--- Entries shown ---

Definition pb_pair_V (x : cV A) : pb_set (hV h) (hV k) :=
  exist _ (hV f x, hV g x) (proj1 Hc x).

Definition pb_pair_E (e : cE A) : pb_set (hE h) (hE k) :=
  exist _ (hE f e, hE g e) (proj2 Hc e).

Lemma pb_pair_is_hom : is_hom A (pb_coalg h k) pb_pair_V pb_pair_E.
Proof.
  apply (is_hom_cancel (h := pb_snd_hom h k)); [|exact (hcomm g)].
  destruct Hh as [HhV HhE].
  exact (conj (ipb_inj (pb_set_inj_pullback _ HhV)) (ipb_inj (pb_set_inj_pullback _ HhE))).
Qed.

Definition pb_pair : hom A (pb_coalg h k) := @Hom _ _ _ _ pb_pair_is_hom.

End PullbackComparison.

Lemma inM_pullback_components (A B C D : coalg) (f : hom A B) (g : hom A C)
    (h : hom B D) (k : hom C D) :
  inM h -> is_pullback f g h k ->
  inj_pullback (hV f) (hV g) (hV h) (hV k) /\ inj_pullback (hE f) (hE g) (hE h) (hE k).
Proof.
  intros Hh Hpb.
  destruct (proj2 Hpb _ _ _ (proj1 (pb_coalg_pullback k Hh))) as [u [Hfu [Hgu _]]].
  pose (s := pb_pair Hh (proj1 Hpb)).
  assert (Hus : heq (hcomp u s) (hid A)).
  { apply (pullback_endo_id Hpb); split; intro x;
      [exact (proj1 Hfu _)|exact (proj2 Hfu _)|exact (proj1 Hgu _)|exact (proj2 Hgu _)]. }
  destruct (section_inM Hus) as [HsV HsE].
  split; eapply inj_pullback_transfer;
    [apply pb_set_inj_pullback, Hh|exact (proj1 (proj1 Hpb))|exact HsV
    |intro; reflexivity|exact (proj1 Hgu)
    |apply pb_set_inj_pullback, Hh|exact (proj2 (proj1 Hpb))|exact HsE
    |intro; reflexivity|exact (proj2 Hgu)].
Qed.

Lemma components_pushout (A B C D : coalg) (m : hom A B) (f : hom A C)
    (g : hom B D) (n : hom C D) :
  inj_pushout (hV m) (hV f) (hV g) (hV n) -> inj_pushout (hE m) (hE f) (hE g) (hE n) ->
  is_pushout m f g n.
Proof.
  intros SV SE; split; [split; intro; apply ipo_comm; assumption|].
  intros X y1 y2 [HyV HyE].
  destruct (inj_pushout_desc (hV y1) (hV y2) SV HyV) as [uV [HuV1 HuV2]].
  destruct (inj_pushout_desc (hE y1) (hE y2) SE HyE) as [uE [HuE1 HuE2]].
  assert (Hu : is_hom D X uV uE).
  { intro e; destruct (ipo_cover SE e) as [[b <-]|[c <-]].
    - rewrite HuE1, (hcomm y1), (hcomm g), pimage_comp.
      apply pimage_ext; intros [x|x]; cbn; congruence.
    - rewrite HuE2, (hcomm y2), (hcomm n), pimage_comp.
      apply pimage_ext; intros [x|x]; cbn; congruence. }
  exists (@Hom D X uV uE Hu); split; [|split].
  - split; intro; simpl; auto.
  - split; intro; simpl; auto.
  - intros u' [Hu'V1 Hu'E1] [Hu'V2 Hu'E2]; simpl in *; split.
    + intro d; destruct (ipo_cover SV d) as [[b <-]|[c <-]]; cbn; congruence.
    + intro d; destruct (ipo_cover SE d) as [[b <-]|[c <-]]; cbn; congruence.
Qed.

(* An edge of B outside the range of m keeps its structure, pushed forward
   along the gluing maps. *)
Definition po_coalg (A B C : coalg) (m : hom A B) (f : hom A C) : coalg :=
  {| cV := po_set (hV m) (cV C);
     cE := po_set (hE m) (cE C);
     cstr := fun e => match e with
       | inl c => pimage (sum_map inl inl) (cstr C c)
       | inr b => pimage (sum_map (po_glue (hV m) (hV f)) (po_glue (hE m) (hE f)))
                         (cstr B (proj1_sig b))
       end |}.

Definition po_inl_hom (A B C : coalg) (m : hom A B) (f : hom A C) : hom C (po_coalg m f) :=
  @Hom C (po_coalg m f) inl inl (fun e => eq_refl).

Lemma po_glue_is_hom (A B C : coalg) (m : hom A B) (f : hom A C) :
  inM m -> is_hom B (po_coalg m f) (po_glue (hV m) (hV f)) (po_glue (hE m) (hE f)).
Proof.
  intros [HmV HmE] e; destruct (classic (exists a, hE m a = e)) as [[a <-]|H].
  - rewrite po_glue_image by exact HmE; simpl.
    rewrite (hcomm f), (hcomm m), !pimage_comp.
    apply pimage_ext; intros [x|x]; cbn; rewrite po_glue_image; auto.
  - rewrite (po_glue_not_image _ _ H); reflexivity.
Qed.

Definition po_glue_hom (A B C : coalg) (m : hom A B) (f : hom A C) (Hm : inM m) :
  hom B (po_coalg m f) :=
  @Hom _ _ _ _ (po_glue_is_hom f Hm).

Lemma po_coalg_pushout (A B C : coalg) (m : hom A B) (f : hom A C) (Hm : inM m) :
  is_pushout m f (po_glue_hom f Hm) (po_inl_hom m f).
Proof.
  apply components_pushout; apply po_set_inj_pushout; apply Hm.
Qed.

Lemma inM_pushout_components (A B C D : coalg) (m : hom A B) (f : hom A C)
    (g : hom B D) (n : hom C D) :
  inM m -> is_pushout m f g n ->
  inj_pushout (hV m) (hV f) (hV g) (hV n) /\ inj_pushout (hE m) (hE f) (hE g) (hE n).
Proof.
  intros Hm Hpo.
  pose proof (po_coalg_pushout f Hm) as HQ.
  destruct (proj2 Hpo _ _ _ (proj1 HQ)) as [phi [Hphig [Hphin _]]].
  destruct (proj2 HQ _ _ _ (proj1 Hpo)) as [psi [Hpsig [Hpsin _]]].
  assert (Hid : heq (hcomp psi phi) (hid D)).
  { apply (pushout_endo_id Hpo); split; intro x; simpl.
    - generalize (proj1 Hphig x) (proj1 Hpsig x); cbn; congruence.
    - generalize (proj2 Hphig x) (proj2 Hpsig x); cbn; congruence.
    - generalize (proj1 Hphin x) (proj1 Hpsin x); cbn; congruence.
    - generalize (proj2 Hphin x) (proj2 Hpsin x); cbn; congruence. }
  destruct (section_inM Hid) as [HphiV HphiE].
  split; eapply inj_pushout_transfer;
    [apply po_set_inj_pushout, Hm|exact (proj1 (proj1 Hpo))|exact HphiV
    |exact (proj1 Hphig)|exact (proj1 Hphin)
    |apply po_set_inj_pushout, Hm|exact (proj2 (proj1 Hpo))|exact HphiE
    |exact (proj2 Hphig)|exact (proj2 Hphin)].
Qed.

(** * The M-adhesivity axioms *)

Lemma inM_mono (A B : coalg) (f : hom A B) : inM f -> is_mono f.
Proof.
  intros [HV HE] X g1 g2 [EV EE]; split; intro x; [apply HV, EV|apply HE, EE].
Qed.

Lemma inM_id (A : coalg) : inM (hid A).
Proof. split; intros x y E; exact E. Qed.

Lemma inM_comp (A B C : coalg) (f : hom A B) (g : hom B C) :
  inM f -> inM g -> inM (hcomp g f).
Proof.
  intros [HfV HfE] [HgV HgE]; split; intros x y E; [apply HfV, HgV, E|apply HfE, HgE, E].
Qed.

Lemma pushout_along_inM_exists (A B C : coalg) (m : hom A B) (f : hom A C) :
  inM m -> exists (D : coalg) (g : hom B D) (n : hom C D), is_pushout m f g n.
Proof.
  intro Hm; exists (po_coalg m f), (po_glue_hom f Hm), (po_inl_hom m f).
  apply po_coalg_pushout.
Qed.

---

• Brief: Restate the records above word for word.

• Solution below:
Definition pb_pair_V (x : cV A) : pb_set (hV h) (hV k) :=
  exist _ (hV f x, hV g x) (proj1 Hc x).

Definition pb_pair_E (e : cE A) : pb_set (hE h) (hE k) :=
  exist _ (hE f e, hE g e) (proj2 Hc e).

Lemma pb_pair_is_hom : is_hom A (pb_coalg h k) pb_pair_V pb_pair_E.
Proof.
  apply (is_hom_cancel (h := pb_snd_hom h k)); [|exact (hcomm g)].
  destruct Hh as [HhV HhE].
  exact (conj (ipb_inj (pb_set_inj_pullback _ HhV)) (ipb_inj (pb_set_inj_pullback _ HhE))).
Qed.

Definition pb_pair : hom A (pb_coalg h k) := @Hom _ _ _ _ pb_pair_is_hom.

End PullbackComparison.

Lemma inM_pullback_components (A B C D : coalg) (f : hom A B) (g : hom A C)
    (h : hom B D) (k : hom C D) :
  inM h -> is_pullback f g h k ->
  inj_pullback (hV f) (hV g) (hV h) (hV k) /\ inj_pullback (hE f) (hE g) (hE h) (hE k).
Proof.
  intros Hh Hpb.
  destruct (proj2 Hpb _ _ _ (proj1 (pb_coalg_pullback k Hh))) as [u [Hfu [Hgu _]]].
  pose (s := pb_pair Hh (proj1 Hpb)).
  assert (Hus : heq (hcomp u s) (hid A)).
  { apply (pullback_endo_id Hpb); split; intro x;
      [exact (proj1 Hfu _)|exact (proj2 Hfu _)|exact (proj1 Hgu _)|exact (proj2 Hgu _)]. }
  destruct (section_inM Hus) as [HsV HsE].
  split; eapply inj_pullback_transfer;
    [apply pb_set_inj_pullback, Hh|exact (proj1 (proj1 Hpb))|exact HsV
    |intro; reflexivity|exact (proj1 Hgu)
    |apply pb_set_inj_pullback, Hh|exact (proj2 (proj1 Hpb))|exact HsE
    |intro; reflexivity|exact (proj2 Hgu)].
Qed.

Lemma components_pushout (A B C D : coalg) (m : hom A B) (f : hom A C)
    (g : hom B D) (n : hom C D) :
  inj_pushout (hV m) (hV f) (hV g) (hV n) -> inj_pushout (hE m) (hE f) (hE g) (hE n) ->
  is_pushout m f g n.
Proof.
  intros SV SE; split; [split; intro; apply ipo_comm; assumption|].
  intros X y1 y2 [HyV HyE].
  destruct (inj_pushout_desc (hV y1) (hV y2) SV HyV) as [uV [HuV1 HuV2]].
  destruct (inj_pushout_desc (hE y1) (hE y2) SE HyE) as [uE [HuE1 HuE2]].
  assert (Hu : is_hom D X uV uE).
  { intro e; destruct (ipo_cover SE e) as [[b <-]|[c <-]].
    - rewrite HuE1, (hcomm y1), (hcomm g), pimage_comp.
      apply pimage_ext; intros [x|x]; cbn; congruence.
    - rewrite HuE2, (hcomm y2), (hcomm n), pimage_comp.
      apply pimage_ext; intros [x|x]; cbn; congruence. }
  exists (@Hom D X uV uE Hu); split; [|split].
  - split; intro; simpl; auto.
  - split; intro; simpl; auto.
  - intros u' [Hu'V1 Hu'E1] [Hu'V2 Hu'E2]; simpl in *; split.
    + intro d; destruct (ipo_cover SV d) as [[b <-]|[c <-]]; cbn; congruence.
    + intro d; destruct (ipo_cover SE d) as [[b <-]|[c <-]]; cbn; congruence.
Qed.

(* An edge of B outside the range of m keeps its structure, pushed forward
   along the gluing maps. *)
Definition po_coalg (A B C : coalg) (m : hom A B) (f : hom A C) : coalg :=
  {| cV := po_set (hV m) (cV C);
     cE := po_set (hE m) (cE C);
     cstr := fun e => match e with
       | inl c => pimage (sum_map inl inl) (cstr C c)
       | inr b => pimage (sum_map (po_glue (hV m) (hV f)) (po_glue (hE m) (hE f)))
                         (cstr B (proj1_sig b))
       end |}.

Definition po_inl_hom (A B C : coalg) (m : hom A B) (f : hom A C) : hom C (po_coalg m f) :=
  @Hom C (po_coalg m f) inl inl (fun e => eq_refl).

Lemma po_glue_is_hom (A B C : coalg) (m : hom A B) (f : hom A C) :
  inM m -> is_hom B (po_coalg m f) (po_glue (hV m) (hV f)) (po_glue (hE m) (hE f)).
Proof.
  intros [HmV HmE] e; destruct (classic (exists a, hE m a = e)) as [[a <-]|H].
  - rewrite po_glue_image by exact HmE; simpl.
    rewrite (hcomm f), (hcomm m), !pimage_comp.
    apply pimage_ext; intros [x|x]; cbn; rewrite po_glue_image; auto.
  - rewrite (po_glue_not_image _ _ H); reflexivity.
Qed.

Definition po_glue_hom (A B C : coalg) (m : hom A B) (f : hom A C) (Hm : inM m) :
  hom B (po_coalg m f) :=
  @Hom _ _ _ _ (po_glue_is_hom f Hm).

Lemma po_coalg_pushout (A B C : coalg) (m : hom A B) (f : hom A C) (Hm : inM m) :
  is_pushout m f (po_glue_hom f Hm) (po_inl_hom m f).
Proof.
  apply components_pushout; apply po_set_inj_pushout; apply Hm.
Qed.

Lemma inM_pushout_components (A B C D : coalg) (m : hom A B) (f : hom A C)
    (g : hom B D) (n : hom C D) :
  inM m -> is_pushout m f g n ->
  inj_pushout (hV m) (hV f) (hV g) (hV n) /\ inj_pushout (hE m) (hE f) (hE g) (hE n).
Proof.
  intros Hm Hpo.
  pose proof (po_coalg_pushout f Hm) as HQ.
  destruct (proj2 Hpo _ _ _ (proj1 HQ)) as [phi [Hphig [Hphin _]]].
  destruct (proj2 HQ _ _ _ (proj1 Hpo)) as [psi [Hpsig [Hpsin _]]].
  assert (Hid : heq (hcomp psi phi) (hid D)).
  { apply (pushout_endo_id Hpo); split; intro x; simpl.
    - generalize (proj1 Hphig x) (proj1 Hpsig x); cbn; congruence.
    - generalize (proj2 Hphig x) (proj2 Hpsig x); cbn; congruence.
    - generalize (proj1 Hphin x) (proj1 Hpsin x); cbn; congruence.
    - generalize (proj2 Hphin x) (proj2 Hpsin x); cbn; congruence. }
  destruct (section_inM Hid) as [HphiV HphiE].
  split; eapply inj_pushout_transfer;
    [apply po_set_inj_pushout, Hm|exact (proj1 (proj1 Hpo))|exact HphiV
    |exact (proj1 Hphig)|exact (proj1 Hphin)
    |apply po_set_inj_pushout, Hm|exact (proj2 (proj1 Hpo))|exact HphiE
    |exact (proj2 Hphig)|exact (proj2 Hphin)].
Qed.

(** * The M-adhesivity axioms *)

Lemma inM_mono (A B : coalg) (f : hom A B) : inM f -> is_mono f.
Proof.
  intros [HV HE] X g1 g2 [EV EE]; split; intro x; [apply HV, EV|apply HE, EE].
Qed.

Lemma inM_id (A : coalg) : inM (hid A).
Proof. split; intros x y E; exact E. Qed.

Lemma inM_comp (A B C : coalg) (f : hom A B) (g : hom B C) :
  inM f -> inM g -> inM (hcomp g f).
Proof.
  intros [HfV HfE] [HgV HgE]; split; intros x y E; [apply HfV, HgV, E|apply HfE, HgE, E].
Qed.

Lemma pushout_along_inM_exists (A B C : coalg) (m : hom A B) (f : hom A C) :
  inM m -> exists (D : coalg) (g : hom B D) (n : hom C D), is_pushout m f g n.
Proof.
  intro Hm; exists (po_coalg m f), (po_glue_hom f Hm), (po_inl_hom m f).
  apply po_coalg_pushout.
Qed.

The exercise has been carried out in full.